The use of a synthetic drug derived from the saliva of vampire bats appears to extend the time window for treatment of acute ischemic strokes from the current three to nine hours after symptoms first appear, according to the results of a new international study. The results of the DIAS trial (Desmoteplase in Acute ischemic Stroke), to be presented Feb. 5 at the International Stroke Conference in San Diego, show that the drug desmoteplase is effective in preventing brain damage from stroke if administered between three and nine hours after symptoms begin. From the University of Wisconsin-Madison:’Bat saliva’ drug and new MRI techniques offer hope for acute stroke treatment

MADISON – The use of a synthetic drug derived from the saliva of vampire bats appears to extend the time window for treatment of acute ischemic strokes from the current three to nine hours after symptoms first appear, according to the results of a new international study.

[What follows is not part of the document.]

(* Let $\rho_1$ be a path in a higraph and $k\ge1$. Given a $k$-tuple $(e^1_1,\dots,e^k_1)$ of distinct breaks of $\rho_1$, define recursively for $j=2,\dots,k$: $\rho_j=q(\rho_{j-1},e^{j-1}_{j-1})$ and $e^i_j=\pi(e^i_{j-1})$ for $j\le i\le k$, where $\pi$ is the bijection induced by the gluing $\rho_{j-1}\mapsto\rho_j$. Then the map $(e^1_1,e^2_1,\dots,e^k_1)\mapsto(e^1_1,e^2_2,\dots,e^k_k)$ is a bijection from the set of $k$-tuples of distinct breaks of $\rho_1$ to the set of $k$-step gluing sequences on $\rho_1$. Furthermore, if two $k$-tuples differ by a permutation, then the corresponding $k$-step gluing sequences terminate in the same path $\rho_{k+1}$.
   Context: A directed hypergraph $\mathcal H=(\mathcal V,\mathcal E)$ has edges $\varepsilon=(I,J)\in2^{\mathcal V}\times2^{\mathcal V}$, source $I$, target $J$. It is a higraph if for all edges $\varepsilon,\varepsilon'$: (Transitive) if $t(\varepsilon)\cap s(\varepsilon')\ne\emptyset$ then it equals $\{K\}$ for one vertex $K$, the unions $s(\varepsilon)\cup(s(\varepsilon')\setminus\{K\})$ and $(t(\varepsilon)\setminus\{K\})\cup t(\varepsilon')$ are disjoint unions and their pair is an edge; (Acyclic) if $t(\varepsilon)\cap s(\varepsilon')$ and $t(\varepsilon')\cap s(\varepsilon)$ are both non-empty then $\varepsilon=\varepsilon'=(\{K\},\{K\})$. A path is a non-empty finite directed tree $T=(V,E)$ (nodes; arrows, called breaks) with $\rho:V\to\mathcal E$ such that for each arrow $e$, $t(\rho(s(e)))\cap s(\rho(t(e)))$ is a single vertex $\rho(e)$, and distinct arrows with common source node or common target node have distinct $\rho(e)$; label-compatible tree isomorphisms identify paths. For a subpath $\rho'$, $s(\rho')=\bigcup_v(s(\rho'(v))\setminus\{\rho'(e):t(e)=v\})$, $t(\rho')=\bigcup_v(t(\rho'(v))\setminus\{\rho'(e):s(e)=v\})$. Gluing at a break $e$: $q(\rho,e)$ has tree obtained by contracting the arrow $e$ to a node $v^*$ (other arrows kept), labels unchanged away from $v^*$, $\rho(v^* )=(s(\rho'),t(\rho'))$ with $\rho'$ the subpath on the endpoints of $e$. This contraction induces a bijection $\pi$ from the arrows of the old tree other than $e$ to the arrows of the new tree. A $k$-step gluing sequence on $\rho_1$ is $(e_1,\dots,e_k)$ with $e_i$ a break of $\rho_i$ and $\rho_{i+1}=q(\rho_i,e_i)$, identified up to isomorphisms of the corresponding paths identifying corresponding breaks. *)

From mathcomp Require Import ssreflect ssrfun ssrbool eqtype ssrnat seq.
From mathcomp Require Import boolp classical_sets.
From Stdlib Require Import Relations.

The results of the DIAS trial (Desmoteplase in Acute ischemic Stroke), to be presented Feb. 5 at the International Stroke Conference in San Diego, show that the drug desmoteplase is effective in preventing brain damage from stroke if administered between three and nine hours after symptoms begin. The University of Wisconsin Medical School is one of the test sites for the ongoing twin U.S. study, DEDAS (Dose Escalation study of Desmoteplase in Acute ischemic Stroke), designed to identify the appropriate dosage and effectiveness of the drug.

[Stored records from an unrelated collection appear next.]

Local Open Scope ereal_scope.

Section EquivNorms.
Variable R : realType.
Implicit Types N M : (R -> \bar R) -> \bar R.

Lemma equiv_norms_sym N M : equiv_norms N M -> equiv_norms M N.
Proof.
move=> [eqNM [c [C [c0 [C0 NM]]]]]; split=> [X|]; first by rewrite eqNM.
exists C^-1%R, c^-1%R; rewrite !invr_gt0; split=> //; split=> // X /eqNM MX.
have [cNM NCM] := NM X MX; split.
  apply: le_trans (lee_wpmul2l _ NCM) _; first by rewrite lee_fin invr_ge0 ltW.
  by rewrite muleA -EFinM mulVf ?gt_eqF // mul1e.
rewrite -[leLHS]mul1e -(mulVf (lt0r_neq0 c0)) EFinM -muleA.
by apply: lee_wpmul2l; rewrite // lee_fin invr_ge0 ltW.
Qed.

Lemma equiv_norms_trans N M L :
  equiv_norms N M -> equiv_norms M L -> equiv_norms N L.
Proof.
move=> [eqNM [c [C [c0 [C0 NM]]]]] [eqML [d [D [d0 [D0 ML]]]]].
split=> [X|]; first by rewrite eqNM eqML.
exists (d * c)%R, (D * C)%R; rewrite !mulr_gt0 //; split=> //; split=> // X NX.
have [cNM NCM] := NM X NX; have [dML MDL] := ML X (proj1 (eqNM X) NX).
rewrite !EFinM -!muleA; split.
  by apply: le_trans dML; apply: lee_wpmul2l; rewrite // lee_fin ltW.
by apply: le_trans MDL _; apply: lee_wpmul2l; rewrite // lee_fin ltW.
Qed.

Lemma Mplus_abs_e (X : R -> R) : measurable_fun (@Omega R) X -> Mplus (abs_e X).
Proof.
move=> mX; split=> [|x]; last by rewrite lee_fin.
by apply/measurable_EFinP; exact: measurableT_comp.
Qed.

Lemma le_scale_lty (x y : \bar R) (b : R) :
  x <= b%:E * y -> 0 <= y -> y < +oo -> x < +oo.
Proof.
move=> xby y0 ylty; apply: le_lt_trans xby _.
by case: y y0 ylty => // r _ _; rewrite -EFinM ltry.
Qed.

Lemma equiv_norms_of_bounds N M (a b : R) :
  (0 < a)%R -> (0 < b)%R ->
  (forall X, Mplus X -> 0 <= N X) -> (forall X, Mplus X -> 0 <= M X) ->
  (forall X, Mplus X -> N X <= a%:E * M X) ->
  (forall X, Mplus X -> M X <= b%:E * N X) -> equiv_norms N M.
Proof.
move=> a0 b0 N0 M0 NaM MbN; split.
  move=> X; rewrite /ri_space /ri_norm.
  by split=> -[mX fin]; split=> //; have absX := Mplus_abs_e mX;
    [apply: le_scale_lty (MbN _ absX) (N0 _ absX) fin
    |apply: le_scale_lty (NaM _ absX) (M0 _ absX) fin].
exists a^-1%R, b; rewrite invr_gt0; split=> //; split=> // X [mX _].
have absX := Mplus_abs_e mX; rewrite /ri_norm; split; last exact: MbN.
apply: le_trans (lee_wpmul2l _ (NaM _ absX)) _; first by rewrite lee_fin invr_ge0 ltW.
by rewrite muleA -EFinM mulVf ?gt_eqF // mul1e.
Qed.

End EquivNorms.

Section RINorm.
Variables (R : realType) (N : (R -> \bar R) -> \bar R).
Hypothesis normN : ri_function_norm N.
Local Notation Om := (@Omega R).

Lemma measurable_Omega : measurable Om.
Proof. exact: measurable_itv. Qed.

Lemma ae_OmegaW (P : R -> Prop) : (forall x, Om x -> P x) -> ae_Omega P.
Proof. by move=> allP; apply: (negligibleS _ (negligible_set0 _)) => x [/allP]. Qed.

Lemma Mplus_indic (A : set R) : measurable A -> Mplus (indic_e A).
Proof.
move=> mA; split=> [|x]; last by rewrite /indic_e lee_fin.
by apply/measurable_EFinP; exact: measurable_indic.
Qed.

Lemma lebesgue_Omega : leb Om = 1.
Proof. by rewrite /leb /Omega lebesgue_measure_itv /= lte_fin ltr01 oppr0 adde0. Qed.

Lemma lebesgue_itv0 (m : R) : (0 <= m)%R -> leb `[0%R, m] = m%:E.
Proof.
move=> m0; rewrite /leb lebesgue_measure_itv /= lte_fin.
have [m_gt0|] := ltP 0%R m; first by rewrite oppr0 adde0.
by move=> m_le0; rewrite (@le_anti _ _ m 0%R) ?m0 ?m_le0.
Qed.

Lemma lebesgue_sub_Omega (B : set R) : measurable B -> B `<=` Om ->
  leb B = (fine (leb B))%:E /\ (0 <= fine (leb B) <= 1)%R.
Proof.
move=> mB BOm; have B_le1 : leb B <= 1.
  by rewrite -lebesgue_Omega; apply: le_measure; rewrite ?inE //; exact: measurable_Omega.
have B_ge0 : 0 <= leb B by exact: measure_ge0.
have finB : leb B \is a fin_num by rewrite ge0_fin_numE // (le_lt_trans B_le1) ?ltry.
by rewrite fineK // -!lee_fin fineK // B_ge0 B_le1.
Qed.

Lemma itv0_sub_Omega (m : R) : (m <= 1)%R -> `[0%R, m] `<=` Om.
Proof.
by move=> m1 x; rewrite /Omega /= !in_itv /= => /andP[-> /le_trans->].
Qed.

Howard Rowley, associate professor of radiology at the UW Medical School, is the lead radiologist for the DEDAS study nationally and a member of the UW team researching it on patients in Madison. Magnetic resonance imaging (MRI) findings of the study will be presented by Steven Warach, director of stroke at the National Institutes of Health. George Newman, professor of neurology, and Ross Levine, associate professor of neurology, are the primary UW investigators on the study.

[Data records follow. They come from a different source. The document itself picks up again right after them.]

(* [- ((- n) %/ b)%Z] is the ceiling of [n / b]. *)
Lemma ceilz_nat (p q b : nat) : (q < b)%N ->
  exists2 k : nat, - ((- (p%:Z - q%:Z)) %/ b%:Z)%Z = k%:Z & (p <= q + k * b < p + b)%N.
Proof.
move=> qb; have bpos : 0 < b%:Z by apply: leq_ltn_trans qb.
set k := - _; have /andP[le_pk lt_kp] : p%:Z - q%:Z <= k * b%:Z < p%:Z - q%:Z + b%:Z.
  have := divz_eq (- (p%:Z - q%:Z)) b%:Z; have := ltz_pmod (- (p%:Z - q%:Z)) bpos.
  by have := modz_ge0 (- (p%:Z - q%:Z)) (lt0r_neq0 bpos); rewrite /k; lia.
have k_ge0 : 0 <= k.
  have : -1 * b%:Z < k * b%:Z by lia.
  by rewrite ltr_pM2r //; lia.
have [K EK] : exists K : nat, k = K%:Z by exists `|k|%N; rewrite abszE ger0_norm.
by exists K => //; rewrite EK in le_pk lt_kp; lia.
Qed.

Theorem theorem5 (a b c l h w y m x0 y0 z0 : nat) :
  (0 < a)%N -> (a < b)%N -> (b < c)%N -> gcdn (gcdn a b) c = 1%N ->
  (w < l)%N -> (y < h)%N ->
  related_L a b c l h w y ->
  (* delta = (l a - y b)/c = 0 *)
  (l * a = y * b)%N ->
  in_monoid a b c m ->
  (* basic factorization of m w.r.t. L(l,h,w,y) *)
  (x0 * a + y0 * b + z0 * c = m)%N -> inL l h w y x0 y0 ->
  let theta := ((h * b - w * a) %/ c)%N in
  let Am := (z0 %/ theta)%N in
  let y0b := (y0 %/ y)%N in let y0h := (y0 %% y)%N in
  let hb := (h %/ y)%N in let hh := (h %% y)%N in
  let x0b := (x0 %/ w)%N in let x0h := (x0 %% w)%N in
  let lb := (l %/ w)%N in let lh := (l %% w)%N in
  let d : int := (denumerant a b c m)%:Z in
  let tri : int := ((Am * Am.+1) %/ 2)%N%:Z in
  let SY : int := (\sum_(0 <= k < Am.+1) ((y0h + k * hh) %/ y))%N%:Z in
  let F1 : int := (Am.+1)%N%:Z * ((Am.+1 + y0b)%N)%:Z + (hb%:Z - 2) * tri + SY in
  let k0 : int := - ((- ((z0 * w)%N%:Z - (x0 * theta)%N%:Z)) %/ b%:Z)%Z in
  ((w = 0)%N -> d = F1) /\
  ((0 < w)%N ->
     [/\ 0 <= k0,
         k0 = 0 -> d = F1,
         1 <= k0 <= Am%:Z ->
           d = (Am.+1)%N%:Z * ((Am.+1 + y0b)%N)%:Z + k0 * (x0b%:Z - Am%:Z)
               + (hb%:Z - 2) * tri
               + lb%:Z * (((`|k0|%N.-1 * `|k0|%N) %/ 2)%N)%:Z
               + SY
               + (\sum_(0 <= k < `|k0|%N) ((x0h + k * lh) %/ w))%N%:Z
       & Am%:Z < k0 ->
           d = (Am.+1)%N%:Z * ((1 + x0b + y0b)%N)%:Z
               + ((lb + hb)%N%:Z - 2) * tri
               + (\sum_(0 <= k < Am.+1) ((x0h + k * lh) %/ w))%N%:Z
               + SY]).
Proof.
move=> apos ab bc gcd1 wl yh rel Hla _ Em inL0; have [Hc _ min_res] := rel.
have [lpos cpos] : (0 < l)%N /\ (0 < c)%N by lia.
have /andP[ypos bpos] : (0 < y)%N && (0 < b)%N by rewrite -muln_gt0 -Hla muln_gt0 lpos.
have coply := related_L_coprime cpos lpos yh wl rel Hla.
have [th [Ha Hb Hc' copth ->]] := delta0_theta cpos gcd1 ypos coply Hc Hla.
have thpos : (0 < th)%N by move: apos; rewrite Ha muln_gt0 => /andP[].
have x0l : (x0 < l)%N by case/and3P: inL0.
have x0th_lt_b : (x0 * th < b)%N by rewrite Hb ltn_pmul2r.
cbv zeta; have [k0 -> /andP[k0_lb k0_ub]] := ceilz_nat (z0 * w) x0th_lt_b.
have [k0A _ _] := k0_bounds Ha Hb Hc' ypos lpos thpos k0_lb k0_ub wl.
rewrite absz_nat (denumerant_closed_form Ha Hb Hc' ypos lpos thpos cpos
  coply copth x0l (min_res _ _ inL0) k0_lb k0_ub wl Em).
have w0_k0 : w = 0%N -> k0 = 0%N.
  move=> w0; have : (k0 * b < 1 * b)%N by move: k0_ub; rewrite w0; lia.
  by rewrite ltn_pmul2r // ltnS leqn0 => /eqP.
clear - w0_k0 k0A; split=> [/w0_k0 -> | _].
  by rewrite !big_mkord big_ord0 /= mul0n div0n; ring.
split=> [|[->]|//|Ak0] //.
  by rewrite !big_mkord big_ord0 /= mul0n div0n; ring.
have -> : k0 = (z0 %/ th).+1 by lia.
by rewrite !PoszD /=; ring.
Qed.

“This new approach to acute stroke treatment is novel in two ways: It uses an improved clot-dissolving drug, and also takes advantage of new MRI techniques to help select the right patients for treatment,” says Rowley. “The results of the DIAS study are even more exciting as they show specifically how the use of the drug significantly extends the time during which treatment can begin after the onset of stroke symptoms, from three hours to nine hours.”

Desmoteplase is a genetically engineered version of a blood clot-dissolving protein from the saliva of the vampire bat, Desmodus rotundus. Desmoteplase is able to dissolve a blood clot without affecting the rest of the body’s clotting system and without increasing the risk of intracranial bleeding.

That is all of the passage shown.